Wer sich gegen Kuhmilch entscheidet, kann auf einige pflanzliche Alternativen zurückgreifen. Soja-, Mandel- und Reismilch sind die beliebtesten Ersatzgetränke. Auch Kokos- oder Haselnussmilch finden im Kaffee oder beim Kochen ihre Anhänger. Wobei auch diese Milcharten nicht ganz unumstritten sind. Erst vor kurzem kritisierte Sarah Wiener, dass Sojaprodukte so künstlich wie Cola wären. Auch Reismilch soll nicht ohne Süßungsmittel und Geschmacksstoffe auskommen. An Mandelmilch wird wiederum bemängelt, dass der Anbau enorme Wassermengen verbrauchen soll.

Unterschiede zu Kuhmilch und pflanzlichen Kollegen

Seit kurzem gibt es jedoch eine neue pflanzliche Alternative, über die man (bisher) nur Gutes hört. Okay, der Name macht nicht direkt Lust auf ein Gläschen oder einen Schuss im Kaffee. Menschen, die bei "Erbsenmilch" in Verzückung geraten, sind wohl in der Minderheit. Doch Halt - man sollte sich von den ersten, uncharmanten Assoziationen nicht abhalten lassen. Erbsenmilch soll nämlich weder geschmacklich noch farblich an das Ursprungsgemüse erinnern. Weiß, süß, cremig, ausgesprochen nährstoffreich und mit viel Protein ist sie angeblich. Im direkten Vergleich mit Kuhmilch soll sie im Geschmack ähnlich ausfallen, allerdings mehr Kalzium und nur halb so viel Zucker ins Glas bringen. Wenn man sie mit den pflanzlichen Kollegen vergleicht, fallen wiederum der wesentlich höhere Anteil an Omega 3 und die geringeren Kalorien- und Zusatzwerte auf.

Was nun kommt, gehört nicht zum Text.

Lemma sum_inj_count_pullback (T : finType) (X : pred (rel 'I_h)) (e : rel T) :
  \sum_(f : {ffun 'I_h -> T} | injectiveb f) inj_count X (pullback e f) = h`! * inj_count X e.
Proof.
rewrite /inj_count exchange_big /=.
rewrite (eq_bigr (fun=> inj_count X e)) => [|s /injectiveP s_inj]; last first.
  rewrite /inj_count -(sum_inj_precomp (fun f => X (pullback e f)) s_inj).
  apply: eq_bigr => f _; congr X.
  by rewrite -[pullback _ s]/(pullback e (f \o s)); apply: eq_pullback => i; rewrite ffunE.
by rewrite -card_inj_perm -sum_nat_const; apply: eq_bigl => s; rewrite inE.
Qed.

Lemma card_imset_inj (T : finType) (f : {ffun 'I_h -> T}) : injectiveb f -> #|f @: setT| = h.
Proof. by move/injectiveP => f_inj; rewrite card_imset // cardsT card_ord. Qed.

Lemma imset_inj_eq (T : finType) (f : {ffun 'I_h -> T}) (S : {set T}) :
  injectiveb f -> #|S| = h -> {subset codom f <= S} -> f @: setT = S.
Proof.
move=> f_inj S_card fS; apply/eqP; rewrite eqEcard card_imset_inj // S_card leqnn andbT.
by apply/subsetP => _ /imsetP [x _ ->]; apply: fS; apply: codom_f.
Qed.

Lemma isomorphicb_pullback (T : finType) (e : rel T) (H : rel 'I_h) (f : {ffun 'I_h -> T}) :
  injectiveb f -> isomorphicb H (pullback e f) = induced_iso e H (f @: setT).
Proof.
move=> f_inj; apply/existsP/existsP => [[s /andP [/injectiveP s_inj /forallP s_iso]] |].
  have fs_inj : injectiveb [ffun i => f (s i)].
    by apply/injectiveP => i j; rewrite !ffunE => /(injectiveP _ f_inj) /s_inj.
  exists [ffun i => f (s i)]; rewrite fs_inj /=; apply/andP; split.
    apply/eqP; apply: imset_inj_eq; rewrite ?card_imset_inj // => _ /codomP [i ->].
    by rewrite ffunE imset_f.
  by apply/forallP => i; apply/forallP => j; rewrite !ffunE; apply: (forallP (s_iso i)).
move=> [g /and3P [/injectiveP g_inj /eqP g_im /forallP g_iso]].
have g_in_codom i : g i \in codom f.
  have : g i \in f @: setT by rewrite -g_im imset_f.
  by case/imsetP => x _ ->; apply: codom_f.
pose s := [ffun i => iinv (g_in_codom i)].
have fs i : f (s i) = g i by rewrite ffunE f_iinv.
exists s; apply/andP; split.
  by apply/injectiveP => i j sij; apply: g_inj; rewrite -!fs sij.
by apply/forallP => i; apply/forallP => j; rewrite /pullback !fs; apply: (forallP (g_iso i)).
Qed.

Lemma card_induced_fact (T : finType) (e : rel T) (H : rel 'I_h) :
  #|[set S : {set T} | (#|S| == h) && induced_iso e H S]| * h`! =
  inj_count (isomorphicb H) e.
Proof.
rewrite -card_inj_pullback -[in RHS]sum1dep_card.
rewrite (partition_big (fun f : {ffun 'I_h -> T} => f @: setT)
           (fun S => (#|S| == h) && induced_iso e H S)) /=; last first.
  by move=> f /andP [f_inj f_iso]; rewrite card_imset_inj // -isomorphicb_pullback ?eqxx.
rewrite -sum1dep_card big_distrl /=; apply: eq_bigr => S /andP [/eqP S_card S_ind].
rewrite mul1n sum1dep_card.
have <- : #|[set f : {ffun 'I_h -> T} in ffun_on (mem S) | injectiveb f]| = h`!.
  by rewrite card_inj_ffuns_on card_ord S_card ffactnn.
apply: eq_card => f; rewrite !inE; case f_inj: (injectiveb f); rewrite ?andbF //=.
rewrite andbT isomorphicb_pullback //.
apply/forallP/andP => [f_on | [_ /eqP <- x]]; last by rewrite imset_f.
have f_im : f @: setT = S by apply: imset_inj_eq => // _ /codomP [x ->]; apply: f_on.
by rewrite f_im eqxx.
Qed.

End LabelledGraphs.

Definition seq_fun (U : Type) (h : nat) (x0 : U) (s : seq U) (i : 'I_h) : U := nth x0 s i.

Lemma injectiveb_seq_fun (U : eqType) (h : nat) (x0 : U) (s : seq U) :
  size s = h -> injectiveb (seq_fun x0 s : 'I_h -> U) = uniq s.
Proof.
move=> s_size; rewrite /injectiveb /dinjectiveb.
by rewrite -[in RHS](mkseq_nth x0 s) s_size /mkseq -val_enum_ord -map_comp.
Qed.

Lemma injectiveb_finfun (aT : finType) (rT : eqType) (g : aT -> rT) :
  injectiveb (finfun g) = injectiveb g.
Proof. by congr uniq; apply: eq_map => i; rewrite ffunE. Qed.

Definition o0 : 'I_4 := @Ordinal 4 0 isT.
Definition o1 : 'I_4 := @Ordinal 4 1 isT.
Definition o2 : 'I_4 := @Ordinal 4 2 isT.
Definition o3 : 'I_4 := @Ordinal 4 3 isT.

Lemma ord4P (i : 'I_4) : [\/ i = o0, i = o1, i = o2 | i = o3].
Proof.
case: i => -[|[|[|[|//]]]] i_lt;
  [apply: Or41 | apply: Or42 | apply: Or43 | apply: Or44]; exact: val_inj.
Qed.

Lemma ord2P (i : 'I_2) : i = ord0 \/ i = ord_max.
Proof. by case: i => -[|[|//]] i_lt; [left | right]; apply: val_inj. Qed.

Definition tuple4 (U : Type) (a b c d : U) : 'I_4 -> U := seq_fun a [:: a; b; c; d].

Lemma big_ffun4 (U : finType) (F : {ffun 'I_4 -> U} -> nat) :
  \sum_f F f = \sum_a \sum_b \sum_c \sum_d F (finfun (tuple4 a b c d)).
Proof.
rewrite (reindex (fun x : U * U * U * U => finfun (tuple4 x.1.1.1 x.1.1.2 x.1.2 x.2))) /=.
  by rewrite !pair_bigA.
exists (fun f : {ffun 'I_4 -> U} => (f o0, f o1, f o2, f o3)) => [[[[a b] c] d] _ | f _].
  by rewrite !ffunE.
by apply/ffunP => i; rewrite ffunE; case: (ord4P i) => ->.
Qed.

Lemma big_ffun2 (U : finType) (F : {ffun 'I_2 -> U} -> nat) :
  \sum_f F f = \sum_a \sum_b F (finfun (seq_fun a [:: a; b])).
Proof.
rewrite (reindex (fun x : U * U => finfun (seq_fun x.1 [:: x.1; x.2]))) /=.
  by rewrite pair_bigA.
exists (fun f : {ffun 'I_2 -> U} => (f ord0, f ord_max)) => [[a b] _ | f _].
  by rewrite !ffunE.
by apply/ffunP => i; rewrite ffunE; case: (ord2P i) => ->.
Qed.

Lemma subgraphb_K2 (T : finType) (e : rel T) (a b : T) : symmetric e ->
  subgraphb K2 (pullback e (finfun (seq_fun a [:: a; b]))) = e a b.
Proof.
move=> e_sym; apply/forallP/idP => [K2_sub | eab u].
  by have := forallP (K2_sub ord0) ord_max; rewrite /pullback !ffunE.
apply/forallP => v; rewrite /pullback !ffunE.
by case: (ord2P u) => ->; case: (ord2P v) => -> //=; rewrite e_sym.
Qed.

Lemma inj_count_K2 (T : finType) (e : rel T) : symmetric e ->
  inj_count (subgraphb K2) e = \sum_a \sum_b ((a != b) && e a b).
Proof.
move=> e_sym; rewrite /inj_count big_mkcond big_ffun2.
apply: eq_bigr => a _; apply: eq_bigr => b _.
by rewrite injectiveb_finfun injectiveb_seq_fun //= inE andbT subgraphb_K2 //; case: (a != b).
Qed.

Lemma sum_uniq_rcons (T : finType) (s : seq T) :
  \sum_x uniq (rcons s x) = uniq s * (#|T| - size s).
Proof.
under eq_bigr do rewrite rcons_uniq.
case s_uniq: (uniq s); last by rewrite big1 // => x _; rewrite andbF.
rewrite mul1n -(card_uniqP s_uniq) -(cardC (mem s)) addKn -sum1_card [RHS]big_mkcond /=.
by apply: eq_bigr => x _; rewrite andbT !inE; case: (x \in s).
Qed.

Definition edge01 (c : rel 'I_4) : bool := c o0 o1.

Lemma inj_count_edge01 (T : finType) (e : rel T) : symmetric e ->
  inj_count edge01 e = inj_count (subgraphb K2) e * ((#|T| - 2) * (#|T| - 3)).
Proof.
move=> e_sym; rewrite inj_count_K2 // big_distrl /=.
rewrite /inj_count big_mkcond big_ffun4; apply: eq_bigr => a _.
rewrite big_distrl; apply: eq_bigr => b _ /=.
rewrite (eq_bigr (fun c => e a b * (uniq [:: a; b; c] * (#|T| - 3)))) => [|c _]; last first.
  rewrite -(sum_uniq_rcons [:: a; b; c]) big_distrr; apply: eq_bigr => d _.
  rewrite injectiveb_finfun injectiveb_seq_fun // /edge01 /pullback !ffunE /=.
  by case: ifP => _; rewrite /tuple4 /seq_fun /= ?muln1 ?muln0.
rewrite -big_distrr -big_distrl (sum_uniq_rcons [:: a; b]) /= inE andbT.
by case: (a != b); case: (e a b); rewrite ?mul0n ?mul1n.
Qed.

(* Fintype quantifiers and big operators are locked and do not reduce under [vm_compute];
   [ords], [subgraph4], [eqrel4] and [perm_count4] are their list-based counterparts on 'I_4. *)
Definition ords : seq 'I_4 := [:: o0; o1; o2; o3].

Lemma mem_ords (i : 'I_4) : i \in ords.
Proof. by case: (ord4P i) => ->. Qed.

Lemma sum_ord4 (F : 'I_4 -> nat) : \sum_i F i = sumn (map F ords).
Proof.
rewrite sumnE big_map (big_uniq ords); last by [].
by apply: eq_bigl => i; rewrite mem_ords.
Qed.

Lemma forall_ord4 (P : pred 'I_4) : [forall i, P i] = all P ords.
Proof.
by apply/forallP/allP => [P_all i _ | P_ords i]; [apply: P_all | apply: P_ords (mem_ords i)].
Qed.

Definition subgraph4 (H c : rel 'I_4) : bool :=
  all (fun u => all (fun v => H u v ==> c u v) ords) ords.

Definition eqrel4 (H c : rel 'I_4) : bool :=
  all (fun u => all (fun v => H u v == c u v) ords) ords.

Lemma subgraphb4E (H : rel 'I_4) : subgraphb H =1 subgraph4 H.
Proof. by move=> c; rewrite /subgraphb forall_ord4; apply: eq_all => u; rewrite forall_ord4. Qed.

Lemma eqrelb4E (H : rel 'I_4) : eqrelb H =1 eqrel4 H.
Proof. by move=> c; rewrite /eqrelb forall_ord4; apply: eq_all => u; rewrite forall_ord4. Qed.

Definition perm_count4 (X : pred (rel 'I_4)) (c : rel 'I_4) : nat :=
  sumn [seq sumn [seq sumn [seq sumn [seq nat_of_bool
      (uniq [:: a; b; x; d] && X (pullback c (tuple4 a b x d)))
    | d <- ords] | x <- ords] | b <- ords] | a <- ords].

Lemma inj_count4E (X Y : pred (rel 'I_4)) (c : rel 'I_4) :
  X =1 Y -> inj_count X c = perm_count4 Y c.
Proof.
move=> XY; rewrite /inj_count big_mkcond big_ffun4 sum_ord4; congr sumn; apply: eq_map => a.
rewrite sum_ord4; congr sumn; apply: eq_map => b.
rewrite sum_ord4; congr sumn; apply: eq_map => x.
rewrite sum_ord4; congr sumn; apply: eq_map => d.
rewrite injectiveb_finfun injectiveb_seq_fun // XY (eq_pullback c (ffunE (tuple4 a b x d))).
by case: (uniq [:: a; b; x; d]).
Qed.

Definition rel4 (b01 b02 b03 b12 b13 b23 : bool) : rel 'I_4 := fun i j =>
  match nat_of_ord i, nat_of_ord j with
  | 0, 1 | 1, 0 => b01 | 0, 2 | 2, 0 => b02 | 0, 3 | 3, 0 => b03
  | 1, 2 | 2, 1 => b12 | 1, 3 | 3, 1 => b13 | 2, 3 | 3, 2 => b23
  | _, _ => false
  end.

(* Evaluating the edge lists of [mkG] is slow under [vm_compute], so the pattern graphs are
   first tabulated by their six edge bits. *)
Definition normal4 (c : rel 'I_4) : rel 'I_4 :=
  rel4 (c o0 o1) (c o0 o2) (c o0 o3) (c o1 o2) (c o1 o3) (c o2 o3).

Lemma normal4E (c : rel 'I_4) : symmetric c -> irreflexive c -> normal4 c = c.
Proof.
move=> c_sym c_irr; apply: functional_extensionality => i.
apply: functional_extensionality => j.
by case: (ord4P i) => ->; case: (ord4P j) => ->; rewrite /normal4 /rel4 /= ?c_irr // c_sym.
Qed.

Lemma mkG_sym (h : nat) (s : seq (nat * nat)) : symmetric (mkG (h := h) s).
Proof. by move=> i j; rewrite /mkG eq_sym orbC. Qed.

Lemma mkG_irr (h : nat) (s : seq (nat * nat)) : irreflexive (mkG (h := h) s).
Proof. by move=> i; rewrite /mkG eqxx. Qed.

Lemma complG_sym (h : nat) (H : rel 'I_h) : symmetric H -> symmetric (complG H).
Proof. by move=> H_sym i j; rewrite /complG eq_sym H_sym. Qed.

Lemma complG_irr (h : nat) (H : rel 'I_h) : irreflexive (complG H).
Proof. by move=> i; rewrite /complG eqxx. Qed.

(* The weights of [wsum], scaled by 48. *)
Definition weights : seq (nat * rel 'I_4) :=
  [:: (48, K4); (24, complG K4); (20, D4); (20, complG D4); (16, P3); (8, complG P3);
      (24, C4); (16, complG C4); (12, K13); (12, complG K13); (12, P4)].

Lemma normal4_weights : [seq (wH.1, normal4 wH.2) | wH <- weights] = weights.
Proof.
rewrite /= !normal4E //;
  by [apply: mkG_sym | apply: mkG_irr | apply: complG_irr | apply/complG_sym/mkG_sym].
Qed.

Definition weighted_iso (c : rel 'I_4) : nat :=
  \sum_(wH <- weights) wH.1 * isomorphicb wH.2 c.

Lemma weighted_iso_identity (c : rel 'I_4) : symmetric c -> irreflexive c ->
  weighted_iso c + inj_count edge01 c = 24 + 2 * inj_count (subgraphb C4) c.
Proof.
move=> c_sym c_irr.
rewrite /weighted_iso -normal4_weights big_map !big_cons big_nil /= !isomorphicbE.
rewrite !(inj_count4E _ (eqrelb4E _)) (inj_count4E _ (subgraphb4E _)) (inj_count4E _ (frefl _)).
rewrite -(normal4E c_sym c_irr) /normal4.
case: (c o0 o1); case: (c o0 o2); case: (c o0 o3);
  case: (c o1 o2); case: (c o1 o3); case: (c o2 o3); by vm_compute.
Qed.

Definition weighted_iso_count (T : finType) (e : rel T) : nat :=
  \sum_(wH <- weights) wH.1 * inj_count (isomorphicb wH.2) e.

Lemma sum_weighted_iso (T : finType) (e : rel T) :
  \sum_(f : {ffun 'I_4 -> T} | injectiveb f) weighted_iso (pullback e f) = weighted_iso_count e.
Proof.
rewrite /weighted_iso /weighted_iso_count; elim: weights => [|wH ws IH].
  by rewrite big_nil big1 // => f _; rewrite big_nil.
rewrite big_cons -IH /inj_count big_distrr -big_split /=.
by apply: eq_bigr => f _; rewrite big_cons.
Qed.

Lemma weighted_iso_count_identity (T : finType) (e : rel T) : symmetric e -> irreflexive e ->
  weighted_iso_count e + 24 * inj_count edge01 e =
  24 * #|T| ^_ 4 + 48 * inj_count (subgraphb C4) e.
Proof.
move=> e_sym e_irr.
have sum_id : \sum_(f : {ffun 'I_4 -> T} | injectiveb f)
      (weighted_iso (pullback e f) + inj_count edge01 (pullback e f)) =
    \sum_(f : {ffun 'I_4 -> T} | injectiveb f)
      (24 + 2 * inj_count (subgraphb C4) (pullback e f)).
  apply: eq_bigr => f _.
  by apply: weighted_iso_identity => [i j | i]; [apply: e_sym | apply: e_irr].
rewrite big_split sum_weighted_iso sum_inj_count_pullback in sum_id.
rewrite big_split -big_distrr sum_inj_count_pullback in sum_id.
have card_inj : #|[set f : {ffun 'I_4 -> T} | injectiveb f]| = #|T| ^_ 4.
  by rewrite card_inj_ffuns card_ord.
have -> : 48 * inj_count (subgraphb C4) e = 2 * (4`! * inj_count (subgraphb C4) e).
  by rewrite mulnA.
rewrite -card_inj [24 * #|_|]mulnC -sum_nat_const [LHS]sum_id.
by congr (_ + _); apply: eq_bigl => f; rewrite inE.
Qed.

Local Open Scope ring_scope.

Lemma t_injE (T : finType) (e : rel T) (h : nat) (H : rel 'I_h) :
  t_inj e H = (inj_count (subgraphb H) e)%:R / (#|T| ^_ h)%:R.
Proof. by rewrite -card_inj_pullback. Qed.

Lemma p_indE (T : finType) (e : rel T) (h : nat) (H : rel 'I_h) :
  p_ind e H = (inj_count (isomorphicb H) e)%:R / (#|T| ^_ h)%:R.
Proof.
rewrite /p_ind -card_induced_fact -bin_ffact !natrM.
have fact_neq0 : (h`!)%:R != 0 :> rat by rewrite pnatr_eq0 -lt0n fact_gt0.
by rewrite -mulf_div divff // mulr1.
Qed.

So weit, so gut. Der große Nachteil: Bisher gibt es nur einen Anbieter und der vertreibt die Erbsenmilch ausschließlich in den USA. Die Öko-Marke "Ripple Foods" hat die Erbsenmilch selbst erfunden und zeigt sich vom Erfolg des Getränks überzeugt. Seit Anfang Mai gibt es eineinhalb Liter für umgerechnet € 4,50 beim US-Bio-Supermarkt "Wholefoods". Es dürfte allerdings nur eine Frage der Zeit sein, bis die vier Geschmackssorten (Original, ungesüßt, Vanille und Schokolade) auch ihren Weg in europäische Supermärkte (oder zumindest in einen Onlineshop) finden werden. In den USA soll die Erbsenmilch nämlich ausgesprochen gut ankommen.